**EXERCISE DETAILS**
Tally up the lines below containing the string "Require", then write the number alone.

**EXERCISE DATA**
(* Let $k\ge2$, $\lambda>0$, $\theta>1$ (i.e. $J<0$). Put $\theta_{\rm cr}=2\bigl(\frac{k+1}{k-1}\bigr)^2-1$. Then: (1) if $\theta\le\theta_{\rm cr}$, there is exactly one TISGM; (2) if $\theta>\theta_{\rm cr}$, the quadratic $2x^2+[4-(\theta-1)(k-1)]x+\theta+1=0$ has two distinct positive roots $x_1,x_2$, and the two numbers $\frac{2^kx_i}{(1+\theta)^{k+1}}\bigl(\frac{1+\theta+2x_i}{2(1+x_i)}\bigr)^k$, $i=1,2$, are distinct; denote them $\lambda_-<\lambda_+$. Then: (2a) if $\lambda\in(0,\lambda_-)\cup(\lambda_+,\infty)$ there is exactly one TISGM; (2b) if $\lambda\in\{\lambda_-,\lambda_+\}$ there are exactly two TISGMs; (2c) if $\lambda\in(\lambda_-,\lambda_+)$ there are exactly three TISGMs.
   Context: The SCWR model on the Cayley tree $\mathbb{T}^k$ (each vertex has $k$ direct successors) has spins in $\{-1,0,1\}$, activity $\lambda>0$ and interaction parameter $\theta=e^{-J\beta}>0$ ($J<0$ antiferromagnetic, i.e. $\theta>1$; $J>0$ ferromagnetic, i.e. $0<\theta<1$). Translation-invariant splitting Gibbs measures (TISGMs) are in one-to-one correspondence with the solutions $(x,y)\in(0,\infty)^2$ of the system $x=\lambda\bigl(\frac{1+x+\theta y}{1+x+y}\bigr)^k$, $y=\lambda\bigl(\frac{1+\theta x+y}{1+x+y}\bigr)^k$; ''the number of TISGMs'' means the number of such positive solutions. *)

From Stdlib Require Import Reals List.
Import ListNotations.
Open Scope R_scope.

(* The TISGM system on the Cayley tree T^k with activity lam, parameter theta. *)
Definition is_TISGM_solution (k : nat) (lam theta x y : R) : Prop :=
  0 < x /\ 0 < y /\
  x = lam * ((1 + x + theta * y) / (1 + x + y)) ^ k /\
  y = lam * ((1 + theta * x + y) / (1 + x + y)) ^ k.

Definition has_exactly (n : nat) (P : R * R -> Prop) : Prop :=
  exists l : list (R * R),
    NoDup l /\ length l = n /\ (forall p, In p l <-> P p).

(* Number of TISGMs = number of positive solutions (x,y). *)
Definition num_TISGM_eq (k : nat) (lam theta : R) (n : nat) : Prop :=
  has_exactly n (fun p => is_TISGM_solution k lam theta (fst p) (snd p)).

Definition theta_cr (k : nat) : R :=
  2 * ((INR k + 1) / (INR k - 1)) ^ 2 - 1.

Definition quad (k : nat) (theta x : R) : R :=
  2 * x ^ 2 + (4 - (theta - 1) * (INR k - 1)) * x + theta + 1.

Definition lam_of (k : nat) (theta x : R) : R :=
  2 ^ k * x / (1 + theta) ^ (k + 1) *
  ((1 + theta + 2 * x) / (2 * (1 + x))) ^ k.

From Stdlib Require Import Reals Ranalysis5 Lra Lia List FinFun.
From Coquelicot Require Import Coquelicot.
Import ListNotations.
Open Scope R_scope.

(* For theta > 1 every solution (x, y) of the TISGM system is diagonal
   (x = y), and a diagonal solution with x > 0 exists exactly when
   lam = F x, where F x = diag_map k theta x = x ((1+2x)/(1+(1+theta)x))^k.  Counting TISGMs is
   therefore counting positive preimages of lam under F. *)

Definition diag_map (k : nat) (t x : R) : R :=
  x * ((1 + 2 * x) / (1 + (1 + t) * x)) ^ k.

Lemma pow_lt_pow_base (a b : R) (n : nat) :
  0 <= a < b -> (0 < n)%nat -> a ^ n < b ^ n.
Proof.
  intros [Ha Hab] Hn. destruct n as [|n]; [lia|]. clear Hn.
  induction n as [|n IH]; [simpl; lra|].
  change (a * a ^ S n < b * b ^ S n).
  assert (0 <= a ^ S n) by (apply pow_le; lra). nra.
Qed.

(* For theta > 1 (antiferromagnetic case) solutions are diagonal: if x < y
   the right-hand side of the first equation exceeds that of the second. *)
Lemma solution_diagonal (k : nat) (lam t x y : R) :
  (1 <= k)%nat -> 1 < t -> is_TISGM_solution k lam t x y -> x = y.
Proof.
  intros Hk Ht [Hx [Hy [Ex Ey]]].
  set (A := (1 + x + t * y) / (1 + x + y)) in Ex.
  set (B := (1 + t * x + y) / (1 + x + y)) in Ey.
  assert (HA : 0 < A) by (apply Rdiv_lt_0_compat; nra).
  assert (HB : 0 < B) by (apply Rdiv_lt_0_compat; nra).
  assert (Hlam : 0 < lam) by (assert (0 < A ^ k) by (apply pow_lt; lra); nra).
  assert (HAB : A - B = (t - 1) * (y - x) / (1 + x + y))
    by (unfold A, B; field; lra).
  destruct (Rtotal_order x y) as [Hlt|[Heq|Hgt]]; auto; exfalso.
  - assert (B < A).
    { enough (0 < A - B) by lra. rewrite HAB. apply Rdiv_lt_0_compat; nra. }
    assert (B ^ k < A ^ k) by (apply pow_lt_pow_base; lra || lia). nra.
  - assert (A < B).
    { enough (A - B < 0) by lra. rewrite HAB. unfold Rdiv.
      assert (0 < / (1 + x + y)) by (apply Rinv_0_lt_compat; lra).
      assert ((t - 1) * (y - x) < 0) by nra. nra. }
    assert (A ^ k < B ^ k) by (apply pow_lt_pow_base; lra || lia). nra.
Qed.

Lemma diagonal_solution_iff (k : nat) (lam t x : R) :
  1 < t -> 0 < x -> is_TISGM_solution k lam t x x <-> diag_map k t x = lam.
Proof.
  intros Ht Hx.
  assert (Hinv : ((1 + 2 * x) / (1 + (1 + t) * x)) ^ k
                 * ((1 + x + t * x) / (1 + x + x)) ^ k = 1).
  { rewrite <- Rpow_mult_distr.
    replace (_ * _) with 1 by (field; split; nra). apply pow1. }
  unfold is_TISGM_solution, diag_map.
  replace (1 + t * x + x) with (1 + x + t * x) by ring.
  split.
  - intros [_ [_ [E _]]]. rewrite E at 1.
    transitivity (lam * (((1 + 2 * x) / (1 + (1 + t) * x)) ^ k
                         * ((1 + x + t * x) / (1 + x + x)) ^ k)); [ring|].
    rewrite Hinv. ring.
  - intros E. rewrite <- E.
    replace (x * ((1 + 2 * x) / (1 + (1 + t) * x)) ^ k
             * ((1 + x + t * x) / (1 + x + x)) ^ k) with x
      by (rewrite Rmult_assoc, Hinv; ring).
    tauto.
Qed.

Definition has_n_preimages (g : R -> R) (lam : R) (n : nat) : Prop :=
  exists l : list R, NoDup l /\ length l = n /\
    (forall x, In x l <-> 0 < x /\ g x = lam).

Lemma num_TISGM_of_preimages (k : nat) (lam t : R) (n : nat) :
  (1 <= k)%nat -> 1 < t ->
  has_n_preimages (diag_map k t) lam n -> num_TISGM_eq k lam t n.
Proof.
  intros Hk Ht [l [Hnd [Hlen Hl]]].
  exists (map (fun x => (x, x)) l). split; [|split].
  - apply Injective_map_NoDup; [|exact Hnd]. now intros a b [= ->].
  - now rewrite length_map.
  - intros [x y]. simpl. rewrite in_map_iff. split.
    + intros [z [[= <- <-] Hz]]. apply Hl in Hz as [Hz Ez].
      now apply (diagonal_solution_iff k lam t z Ht Hz).
    + intros Hs. pose proof (solution_diagonal k lam t x y Hk Ht Hs) as <-.
      assert (Hx : 0 < x) by apply Hs.
      exists x. split; [reflexivity|]. apply Hl.
      split; [exact Hx|]. now apply (diagonal_solution_iff k lam t x Ht Hx).
Qed.

Definition strict_incr_on (g : R -> R) (P : R -> Prop) : Prop :=
  forall a b, P a -> P b -> a < b -> g a < g b.

Definition strict_decr_on (g : R -> R) (P : R -> Prop) : Prop :=
  forall a b, P a -> P b -> a < b -> g b < g a.

Lemma strict_incr_on_inj (g : R -> R) (P : R -> Prop) :
  strict_incr_on g P -> forall x y, P x -> P y -> g x = g y -> x = y.
Proof.
  intros Hg x y Px Py E.
  destruct (Rtotal_order x y) as [h|[h|h]]; auto.
  - specialize (Hg x y Px Py h); lra.
  - specialize (Hg y x Py Px h); lra.
Qed.

Lemma strict_decr_on_inj (g : R -> R) (P : R -> Prop) :
  strict_decr_on g P -> forall x y, P x -> P y -> g x = g y -> x = y.
Proof.
  intros Hg x y Px Py E.
  destruct (Rtotal_order x y) as [h|[h|h]]; auto.
  - specialize (Hg x y Px Py h); lra.
  - specialize (Hg y x Py Px h); lra.
Qed.

Section PositivePreimages.

Variable g : R -> R.
Hypothesis g_cont : forall x, 0 <= x -> continuity_pt g x.
Hypothesis g_between : forall x, 0 < x -> 0 < g x < x.
Hypothesis g_unbounded : forall y r, exists X, r < X /\ y < g X.

Lemma preimage_between (a b y : R) :
  0 <= a < b -> (g a < y < g b \/ g b < y < g a) ->
  exists c, a < c < b /\ g c = y.
Proof.
  intros Hab Hy.
  assert (Hcont : forall s c, a <= c <= b ->
            continuity_pt (fun x => s * (g x - y)) c).
  { intros s c Hc. apply continuity_pt_mult; [apply continuity_pt_const; now intros u v|].
    apply continuity_pt_minus; [apply g_cont; lra|].
    apply continuity_pt_const. now intros u v. }
  assert (Hs : exists s, s * (g a - y) < 0 /\ 0 < s * (g b - y)).
  { destruct Hy; [exists 1|exists (-1)]; lra. }
  destruct Hs as [s [Hsa Hsb]].
  destruct (IVT_interv (fun x => s * (g x - y)) a b) as [c [Hcab Ec]];
    [now apply Hcont|lra|exact Hsa|exact Hsb|].
  simpl in Ec.
  assert (c <> a) by (intros ->; lra). assert (c <> b) by (intros ->; lra).
  exists c. split; [lra|].
  assert (s <> 0) by (intros ->; lra).
  apply Rmult_integral in Ec as [Ec|Ec]; [contradiction|lra].
Qed.

(* Every level 0 < y < g r is attained in (0, r), since g x < x near 0. *)
Lemma preimage_below (r y : R) :
  0 < r -> 0 < y < g r -> exists c, 0 < c < r /\ g c = y.
Proof.
  intros Hr Hy. set (z := Rmin y (r / 2)).
  assert (Hz : 0 < z) by (apply Rmin_glb_lt; lra).
  assert (z <= y) by apply Rmin_l. assert (z <= r / 2) by apply Rmin_r.
  pose proof (g_between z Hz).
  destruct (preimage_between z r y) as [c [Hc Ec]]; [lra|lra|].
  exists c. split; [lra|exact Ec].
Qed.

Lemma preimage_above (r y : R) :
  0 <= r -> g r < y -> exists c, r < c /\ g c = y.
Proof.
  intros Hr Hy. destruct (g_unbounded y r) as [X [HX HyX]].
  destruct (preimage_between r X y) as [c [Hc Ec]]; [lra|lra|].
  exists c. split; [lra|exact Ec].
Qed.

Lemma has_n_preimages_intro (lam : R) (l : list R) :
  NoDup l -> (forall x, In x l -> 0 < x /\ g x = lam) ->
  (forall x, 0 < x -> g x = lam -> In x l) ->
  has_n_preimages g lam (length l).
Proof.
  intros Hnd Hsound Hcompl. exists l. split; [exact Hnd|split; [reflexivity|]].
  intros x. split; [apply Hsound|intros [Hx Ex]; now apply Hcompl].
Qed.

Lemma preimages_increasing (lam : R) :
  strict_incr_on g (fun x => 0 < x) -> 0 < lam -> has_n_preimages g lam 1.
Proof.
  intros Hinc Hlam.
  destruct (g_unbounded lam 0) as [X [HX HlamX]].
  destruct (preimage_below X lam) as [a [Ha Ea]]; [lra|lra|].
  apply (has_n_preimages_intro lam [a]).
  - repeat constructor. now simpl.
  - intros x [<-|[]]. split; [lra|exact Ea].
  - intros x Hx Ex. left. symmetry.
    apply (strict_incr_on_inj g (fun x => 0 < x) Hinc); [lra|lra|congruence].
Qed.


Section NShape.

Variables r1 r2 : R.
Hypothesis r1_pos : 0 < r1.
Hypothesis r1_lt_r2 : r1 < r2.
Hypothesis incr_left : strict_incr_on g (fun x => 0 < x <= r1).
Hypothesis decr_mid : strict_decr_on g (fun x => r1 <= x <= r2).
Hypothesis incr_right : strict_incr_on g (fun x => r2 <= x).

Lemma local_min_lt_local_max : g r2 < g r1.
Proof. apply decr_mid; lra. Qed.

Lemma below_local_max (x : R) : 0 < x <= r2 -> x <> r1 -> g x < g r1.
Proof.
  intros Hx Hne. destruct (Rlt_le_dec x r1).
  - apply incr_left; lra.
  - apply decr_mid; lra.
Qed.

Lemma above_local_min (x : R) : r1 <= x -> x <> r2 -> g r2 < g x.
Proof.
  intros Hx Hne. destruct (Rlt_le_dec x r2).
  - apply decr_mid; lra.
  - apply incr_right; lra.
Qed.

Lemma preimage_left_unique (x y : R) :
  0 < x <= r1 -> 0 < y <= r1 -> g x = g y -> x = y.
Proof. now apply strict_incr_on_inj with (P := fun x => 0 < x <= r1). Qed.

Lemma preimage_mid_unique (x y : R) :
  r1 <= x <= r2 -> r1 <= y <= r2 -> g x = g y -> x = y.
Proof. now apply strict_decr_on_inj with (P := fun x => r1 <= x <= r2). Qed.

Lemma preimage_right_unique (x y : R) : r2 <= x -> r2 <= y -> g x = g y -> x = y.
Proof. now apply strict_incr_on_inj with (P := fun x => r2 <= x). Qed.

**ANSWER SPACE**
3